The second study indicates that current momentum indicators are deeply oversold, leaving the market vulnerable to a sudden change in direction. The third study indicates a gradual widening of the December/March spread. This spread closed as narrow as minus 6 1/4 cents in December on the weekly chart (March over the December), while ended last week at a 12-cent carry. This could be viewed as a gradual increase in bearish sentiment among commercial traders and the widest this spread has traded since last September.

Noncommercial traders, on the other hand, are holding a modest net-long position of 193 contracts of spring wheat, a small recovery from the 86 contracts held last week which was the smallest net-long position held since Oct. 1 2013. A prolonged change in trend will require renewed interest from this group of traders.

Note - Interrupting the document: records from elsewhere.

Lemma colon_vec_rees k v : colon_vec k v -> rees s v.
Proof.
case=> x [u [_ uIK ->]]; rewrite homog_sum.
have [[F0 FD _ _] _ _] := rees_props s.
apply: big_ind => // i _; apply: single_in_rees (ltn_ord i).
exact: idealM_subl (idealX_ideal I k) (uIK _ (ltn_ord i)).
Qed.

Lemma colon_vec_of_colon n x : colon (idealD J (idealM (idealX I n) K)) I x ->
  exists u : nat -> R, forall i, (i < s)%N ->
    J (u i - x * a i) /\ idealM (idealX I n) K (u i).
Proof.
move=> xP; have u_ex i : exists w, (i < s)%N ->
    J (w - x * a i) /\ idealM (idealX I n) K w.
  have [si|_] := ltnP i s; last by exists 0.
  have [j [w [Jj [Iw ->]]]] := xP _ (aI si); exists w => _.
  by rewrite opprD addrCA subrr addr0; split; [exact: ideal_opp|].
by have [u uP] := choice u_ex; exists u.
Qed.

Definition colon_span k :=
  span ashift s (fun v => exists2 k', (k' <= k)%N & colon_vec k' v).

Lemma colon_span_stable : exists c, forall k v, (c <= k)%N -> colon_span k v -> colon_span c v.
Proof.
have [subF noeF _] := rees_props s.
apply: noeF => [k | k v Gv N subN sub | k v Gv].
- exact: span_submodule.
- by apply: Gv => // w [k' k'k wk']; apply: sub; exists k' => //; exact: leqW.
- by apply: Gv => // w [k' _]; exact: colon_vec_rees.
Qed.

Section Level.
Variable c : nat.

Definition level k := if (k <= c)%N then colon (idealD J (idealM (idealX I k) K)) I
                      else idealD J (idealM (idealX I k.-1) K).

Lemma level_ideal k : is_ideal (level k).
Proof.
by rewrite /level; case: leqP => _; [apply: colon_ideal|];
  exact: idealD_ideal iJ (idealXM_ideal _ _ _).
Qed.

Lemma level_mul k d y : I d -> level k y -> level k.+1 (d * y).
Proof.
rewrite /level => Id; case: (leqP k.+1 c) => [kc|ck].
  rewrite (ltnW kc) => yP b Ib; rewrite -mulrA.
  exact: idealD_idealXM_mulS iJ Id (yP b Ib).
case: leqP => [kc yP|ck' yP]; first by rewrite mulrC; exact: yP.
by rewrite -(prednK (leq_ltn_trans (leq0n c) ck')); exact: idealD_idealXM_mulS.
Qed.

Definition level_vec v := forall k,
  exists2 y, level k y & forall i, (i < s)%N -> J (v k i - y * a i).

Lemma level_vec_submodule : submodule ashift s level_vec.
Proof.
have J0 := ideal0 iJ; split.
- move=> k; exists 0; first exact: ideal0 (level_ideal k).
  by move=> i _; rewrite mul0r subr0.
- move=> u v uP vP k; have [y yl yu] := uP k; have [y' y'l y'v] := vP k.
  exists (y + y'); first exact: ideal_add (level_ideal k) yl y'l.
  move=> i si; rewrite gvecDE mulrDl opprD addrACA.
  exact: ideal_add iJ (yu i si) (y'v i si).
- move=> r v vP k; have [y yl yv] := vP k.
  exists (r * y); first exact: ideal_mull (level_ideal k) yl.
  by move=> i si; rewrite gvecZE -mulrA -mulrBr; apply: ideal_mull; auto.
- move=> j v js vP [|k].
    by exists 0 => [|i _]; [exact: ideal0 (level_ideal 0) | rewrite mul0r subr0].
  have [y yl yv] := vP k; exists (a j * y); first exact: level_mul (aI js) yl.
  by move=> i si; rewrite /= /shift -mulrA -mulrBr; apply: ideal_mull; auto.
Qed.

Lemma colon_vec_level k v : (k <= c)%N -> colon_vec k v -> level_vec v.
Proof.
move=> kc [x [u [uJ uIK ->]]] k'; have [->|k'k] := eqVneq k' k.
  exists x; last by move=> i si; rewrite /homog eqxx si; exact: uJ.
  rewrite /level kc; apply: colon_of_gens (idealD_ideal iJ (idealXM_ideal _ _ _)) _ => i si.
  exists (- (u i - x * a i)), (u i).
  by split; [exact: ideal_opp (uJ i si) | split; [exact: uIK | rewrite opprB subrK]].
exists 0; first exact: ideal0 (level_ideal k').
by move=> i _; rewrite /homog (negbTE k'k) mul0r subr0; exact: ideal0.
Qed.

Lemma colon_span_level k v : (k <= c)%N -> colon_span k v -> level_vec v.
Proof.
move=> kc; apply; first exact: level_vec_submodule.
by move=> w [k' k'k]; apply: colon_vec_level; exact: leq_trans kc.
Qed.

Lemma colon_sub_of_level n x (u : nat -> R) : (c < n)%N ->
  level_vec (homog s n u) -> (forall i, (i < s)%N -> J (u i - x * a i)) ->
  idealD (colon J I) (idealM (idealX I n.-1) K) x.
Proof.
move=> cn /(_ n) [y]; rewrite /level leqNgt cn /= => -[j [z [Jj [Iz yE]]]] yu uJ.
exists (x - y + j), z; split; last by split => //; rewrite yE; ring.
apply: colon_of_gens iJ _ => i si; rewrite mulrDl; apply: ideal_add iJ _ (ideal_mulr _ iJ Jj).
have -> : (x - y) * a i = (u i - y * a i) - (u i - x * a i) by ring.
by apply: ideal_sub iJ _ (uJ i si); move: (yu i si); rewrite /homog eqxx si.
Qed.

End Level.

Lemma colon_stable : exists c, forall n x, (c < n)%N ->
  colon (idealD J (idealM (idealX I n) K)) I x ->
  idealD (colon J I) (idealM (idealX I n.-1) K) x.
Proof.
have [c cP] := colon_span_stable; exists c => n x cn /colon_vec_of_colon [u uP].
apply: (colon_sub_of_level (u := u) cn); last by move=> i /uP [].
apply: (colon_span_level (leqnn c)); apply: (cP n) (ltnW cn) _.
by move=> N subN sub; apply: sub; exists n => //; exists x, u; split => // i /uP [].
Qed.

End ArtinRees.

Theorem corollary2p6 (R : comPzRingType) (I J K : R -> Prop) :
  noetherian R -> is_ideal I -> is_ideal J -> is_ideal K ->
  exists t : nat, (0 < t)%N /\
    forall n : nat, (t <= n)%N ->
      set_eq (colon (idealD J (idealM (idealX I n) K)) I)
             (idealD (colon J I) (idealM (idealX I n.-1) K)).
Proof.
move=> noeR iI iJ _.
have [l [lI lspan]] := noetherian_fg noeR iI.
have [c cP] := colon_stable K noeR iJ (fun j _ => lI j) lspan.
exists c.+1; split => // n cn x; split; first exact: cP.
exact: idealD_colon_sub (leq_trans (ltn0Sn c) cn).
Qed.
(* For any connected graph $G$ of order $n \ge 2$ and for any positive integer $k$, $1\le \dim_{k,f}(G)\le \frac{n}{2}$.
   Context: All graphs are finite, simple, undirected and connected. $d(x,y)$ is the length of a shortest $x$–$y$ path in $G$. For a positive integer $k$, $d_k(x,y)=\min\{d(x,y),k+1\}$ and $R_k\{x,y\}=\{z\in V(G): d_k(x,z)\neq d_k(y,z)\}$. For a function $g$ on $V(G)$ and $U\subseteq V(G)$, $g(U)=\sum_{s\in U}g(s)$. A function $h:V(G)\to[0,1]$ is a $k$-truncated resolving function of $G$ if $h(R_k\{x,y\})\ge 1$ for all distinct $x,y\in V(G)$. The fractional $k$-truncated metric dimension is $\dim_{k,f}(G)=\min\{h(V(G)): h \text{ is a } k\text{-truncated resolving function of } G\}$. *)

From HB Require Import structures.
From mathcomp Require Import all_boot all_order all_algebra.
From mathcomp Require Import boolp classical_sets reals.
Set Implicit Arguments. Unset Strict Implicit. Unset Printing Implicit Defensive.
Import Order.TTheory GRing.Theory Num.Theory.

Definition simple_graph (T : finType) (e : rel T) : Prop :=
  symmetric e /\ irreflexive e.

Definition connected_graph (T : finType) (e : rel T) : Prop :=
  forall x y : T, connect e x y.

Fixpoint walk_le (T : finType) (e : rel T) (n : nat) (x y : T) : bool :=
  match n with
  | 0 => x == y
  | n'.+1 => walk_le e n' x y || [exists z, e x z && walk_le e n' z y]
  end.

(* graph distance d(x,y): least n with a walk of length <= n
   (for a connected graph this is < #|T|, so the search range suffices) *)
Definition dist (T : finType) (e : rel T) (x y : T) : nat :=
  find (fun n => walk_le e n x y) (iota 0 #|T|).

Definition distk (T : finType) (e : rel T) (k : nat) (x y : T) : nat :=
  minn (dist e x y) k.+1.

Definition Rk (T : finType) (e : rel T) (k : nat) (x y : T) : {set T} :=
  [set z | distk e k x z != distk e k y z].

Local Open Scope ring_scope.

Definition k_truncated_resolving_function (R : realType) (T : finType)
    (e : rel T) (k : nat) (h : T -> R) : Prop :=
  (forall v, 0 <= h v <= 1) /\
  (forall x y : T, x != y -> 1 <= \sum_(z in Rk e k x y) h z).

Local Open Scope classical_set_scope.

(* dim_{k,f}(G): the minimum (taken here as the infimum, which is attained)
   of h(V(G)) over k-truncated resolving functions h *)
Definition frac_k_trunc_dim (R : realType) (T : finType) (e : rel T) (k : nat) : R :=
  inf [set (\sum_(v : T) h v)%R | h in [set h : T -> R |
         k_truncated_resolving_function e k h]].

(* Two distinct vertices x, y always lie in R_k{x,y}, since d_k(x,x) = 0 while
   d_k(y,x) > 0.  Hence the constant function 1/2 is a k-truncated resolving
   function, giving the upper bound n/2, and any resolving function has total
   weight at least h(R_k{x,y}) >= 1 for some pair x != y. *)
From mathcomp Require Import all_boot all_order all_algebra.
From mathcomp Require Import boolp classical_sets reals.
Import Order.TTheory GRing.Theory Num.Theory.
Local Open Scope ring_scope.

Section TruncatedResolvingSets.

Variables (T : finType) (e : rel T) (k : nat).

Lemma dist_self (x : T) : dist e x x = 0%N.
Proof. by rewrite /dist; case: #|T| => [|m] //=; rewrite eqxx. Qed.

Lemma dist_gt0 (x y : T) : x != y -> (0 < dist e x y)%N.
Proof.
move=> nxy; have : (0 < #|T|)%N by apply/card_gt0P; exists x.
by rewrite /dist; case: #|T| => [|m] //= _; rewrite (negbTE nxy).
Qed.

Lemma Rk_sym (x y : T) : Rk e k x y = Rk e k y x.
Proof. by apply/setP => z; rewrite !inE eq_sym. Qed.

Lemma mem_Rk_l (x y : T) : x != y -> x \in Rk e k x y.
Proof.
move=> nxy; rewrite inE /distk dist_self min0n eq_sym -lt0n.
by rewrite leq_min dist_gt0 // eq_sym.
Qed.

Lemma mem_Rk_r (x y : T) : x != y -> y \in Rk e k x y.
Proof. by move=> nxy; rewrite Rk_sym mem_Rk_l // eq_sym. Qed.

Variable R : realType.

Lemma resolving_sum_ge1 (h : T -> R) : (1 < #|T|)%N ->
  k_truncated_resolving_function e k h -> 1 <= \sum_v h v.
Proof.
case/card_gt1P => x [y [_ _ nxy]] [h01 hres].
apply: le_trans (hres x y nxy) _.
rewrite [leRHS](bigID (mem (Rk e k x y))) /= lerDl.
by apply: sumr_ge0 => v _; case/andP: (h01 v).
Qed.

Lemma half_resolving : k_truncated_resolving_function e k (fun _ => 2^-1 : R).
Proof.
split=> [v | x y nxy].
  by rewrite invr_ge0 ler0n invf_le1 ?ler1n.
rewrite (bigD1 x) ?mem_Rk_l //= (bigD1 y) /=; last first.
  by rewrite mem_Rk_r // eq_sym nxy.
rewrite addrA [leLHS](splitr 1) mul1r lerDl.
by apply: sumr_ge0 => v _; rewrite invr_ge0.
Qed.

End TruncatedResolvingSets.

Theorem proposition2p6 (R : realType) (T : finType) (e : rel T) (k : nat) :
  simple_graph e -> connected_graph e -> (2 <= #|T|)%N -> (0 < k)%N ->
  1 <= frac_k_trunc_dim R e k <= (#|T|%:R / 2 : R).
Proof.
move=> _ _ hT _.
set S := [set (\sum_(v : T) h v)%R | h in [set h : T -> R |
         k_truncated_resolving_function e k h]]%classic.
have S_ge1 s : S s -> 1 <= s by move=> [h hres <-]; apply: resolving_sum_ge1 hres.
have S_half : S (\sum_(v : T) 2^-1) by exists (fun _ => 2^-1) => //; exact: half_resolving.
apply/andP; split; first exact: lb_le_inf (ex_intro _ _ S_half) S_ge1.
apply: le_trans (ge_inf (ex_intro _ 1 S_ge1) S_half) _.
by rewrite sumr_const mulr_natl.
Qed.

The red line in the lower study represents the Dec HRS/Dec HRW spread. This spread has trended higher (HRS increasing in value relative to HRW) since Dec. 15 and reflects a growing interest in higher quality supplies. Last week's close was 23 1/2 cents (HRS over HRW) and represents the highest level seen over the life of the contract.

Cash basis on the Prairies also indicates growing interest for new crop deliveries. The average prairie-wide basis for October delivery has narrowed from as wide as 43 cents under the December in late January to 5 cents over the December in Monday's trade. This represents an average bid of $5.84 1/2/bu or $214.77/mt.